To see how varying the number of non-emergent reducibile polynomials impacts performance, I’ll throw in some animation:
library(gganimate)
pathPlot <- ggplot(confMats,aes(x=FP/(FP+TN),y=TP/(TP+FN),col=mdl,frame=ner))+geom_path(aes(cumulative=TRUE, group=mdl))+facet_wrap(~mdlType)+scale_color_manual(values=cb11)+ggtitle("Animated ROC Paths")
gganimate(pathPlot, "../../static/post/pathPlot.gif")
I’m saving the gif and then displaying it outside the code chunk. This is because animated graphs seem to be turned pink inside code chunks.
The random forest and knn models seem pretty stable as the number of non-emergent reducible case changes.
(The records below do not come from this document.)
Lemma is_derive_ellE q : 0 < q < 1 -> is_derive ellE q ((ellE q - ellK q) / q).
Proof.
  intros Hq. unfold ellE at 1.
  apply (is_derive_RInt_param_interval (fun u t => sqrt (ell_delta u t))
           (fun u t => - (u * sin t ^ 2) / sqrt (ell_delta u t)) (-1) 1);
    [lra | intros; now apply is_derive_sqrt_ell_delta
    | intros; now apply continuity_2d_pt_derive_sqrt_ell_delta
    | intros; now apply ex_RInt_sqrt_ell_delta |].
  assert (Hpt : forall t, / q * sqrt (ell_delta q t) + - / q * / sqrt (ell_delta q t)
                         = - (q * sin t ^ 2) / sqrt (ell_delta q t)).
  { intros t. pose proof (sqrt_ell_delta_pos q t ltac:(lra)) as HS.
    pose proof (sqrt_sqrt _ (Rlt_le _ _ (ell_delta_pos q t ltac:(lra)))) as HS2.
    set (S := sqrt (ell_delta q t)) in *. unfold ell_delta in HS2.
    replace (- (q * sin t ^ 2)) with ((S * S - 1) / q) by (rewrite HS2; field; lra).
    field. lra. }
  replace ((ellE q - ellK q) / q) with (/ q * ellE q + - / q * ellK q) by (field; lra).
  apply is_RInt_ext with (fun t => / q * sqrt (ell_delta q t) + - / q * / sqrt (ell_delta q t)).
  - intros t _. apply Hpt.
  - apply is_RInt_lincomb; [apply is_RInt_ellE | apply is_RInt_ellK]; lra.
Qed.

Definition ell_phi (q t : R) : R := sin t * cos t / sqrt (ell_delta q t).

Definition ell_phi' (q t : R) : R :=
  ((cos t ^ 2 - sin t ^ 2) * ell_delta q t + q ^ 2 * sin t ^ 2 * cos t ^ 2)
    / (ell_delta q t * sqrt (ell_delta q t)).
Looking at the number of true positives we see a gradual decline as ner increases:
library(knitr)
nerRF.tab <- xtabs(TP~ner+mdl, data=confMats[confMats$mdl %in% c("rfs","rfp","rfpp","rfsq","knn"),], drop.unused.levels = TRUE)
kable(nerRF.tab)
knn | rfp | rfpp | rfs | rfsq | |
---|---|---|---|---|---|
500 | 21 | 19 | 15 | 20 | 16 |
600 | 21 | 17 | 13 | 19 | 15 |
700 | 20 | 20 | 13 | 18 | 17 |
800 | 19 | 17 | 13 | 18 | 15 |
900 | 18 | 18 | 10 | 18 | 17 |
1000 | 18 | 16 | 11 | 16 | 14 |
1100 | 17 | 17 | 12 | 16 | 14 |
1200 | 17 | 17 | 12 | 18 | 16 |
1300 | 17 | 18 | 10 | 15 | 14 |
1400 | 17 | 13 | 10 | 16 | 12 |
1500 | 14 | 13 | 11 | 14 | 10 |
1600 | 15 | 15 | 10 | 15 | 13 |
1700 | 16 | 16 | 9 | 16 | 13 |
1800 | 15 | 15 | 9 | 14 | 12 |
1900 | 16 | 13 | 9 | 14 | 13 |
2000 | 14 | 10 | 8 | 14 | 10 |
2100 | 14 | 11 | 9 | 13 | 12 |
2200 | 13 | 12 | 8 | 11 | 13 |
2300 | 16 | 11 | 9 | 13 | 9 |
2400 | 13 | 11 | 7 | 11 | 9 |
2500 | 14 | 11 | 8 | 11 | 11 |
The logistic regression models show the odd variation:
TPnerLR.tab <- xtabs(TP~ner+mdl, data=confMats[confMats$mdlType == "Logistic",], drop.unused.levels = TRUE)
kable(TPnerLR.tab)
lrp | lrs | lrsq | |
---|---|---|---|
500 | 10 | 8 | 12 |
600 | 8 | 2 | 13 |
700 | 10 | 0 | 4 |
800 | 3 | 0 | 6 |
900 | 0 | 0 | 9 |
1000 | 0 | 0 | 11 |
1100 | 2 | 0 | 3 |
1200 | 2 | 0 | 10 |
1300 | 0 | 0 | 1 |
1400 | 6 | 0 | 0 |
1500 | 12 | 0 | 1 |
1600 | 4 | 0 | 3 |
1700 | 12 | 0 | 1 |
1800 | 7 | 0 | 17 |
1900 | 3 | 0 | 0 |
2000 | 0 | 0 | 1 |
2100 | 0 | 0 | 0 |
2200 | 0 | 0 | 2 |
2300 | 18 | 0 | 2 |
2400 | 0 | 0 | 8 |
2500 | 0 | 0 | 0 |
The variation across elements of the confusion matrices is perhaps best seen in the following plot:
library(tidyr)
library(dplyr)
gather(confMats, key=Type, value=Count, -c(ner, mdl, mdlType)) %>% ggplot(aes(x=ner, y=Count, col=mdl))+geom_line()+facet_wrap(~Type, scales = "free_y")+ggtitle("Confusion Matrix Visual as Training Class Imbalance Changes")
Clearly, there’s something in the ner 1500,1700,1800, and 2300 training sets that really helps logistic models but not other model types. This is something to look into.
However, I’m still left wondering What is the best ratio of classes in a training set?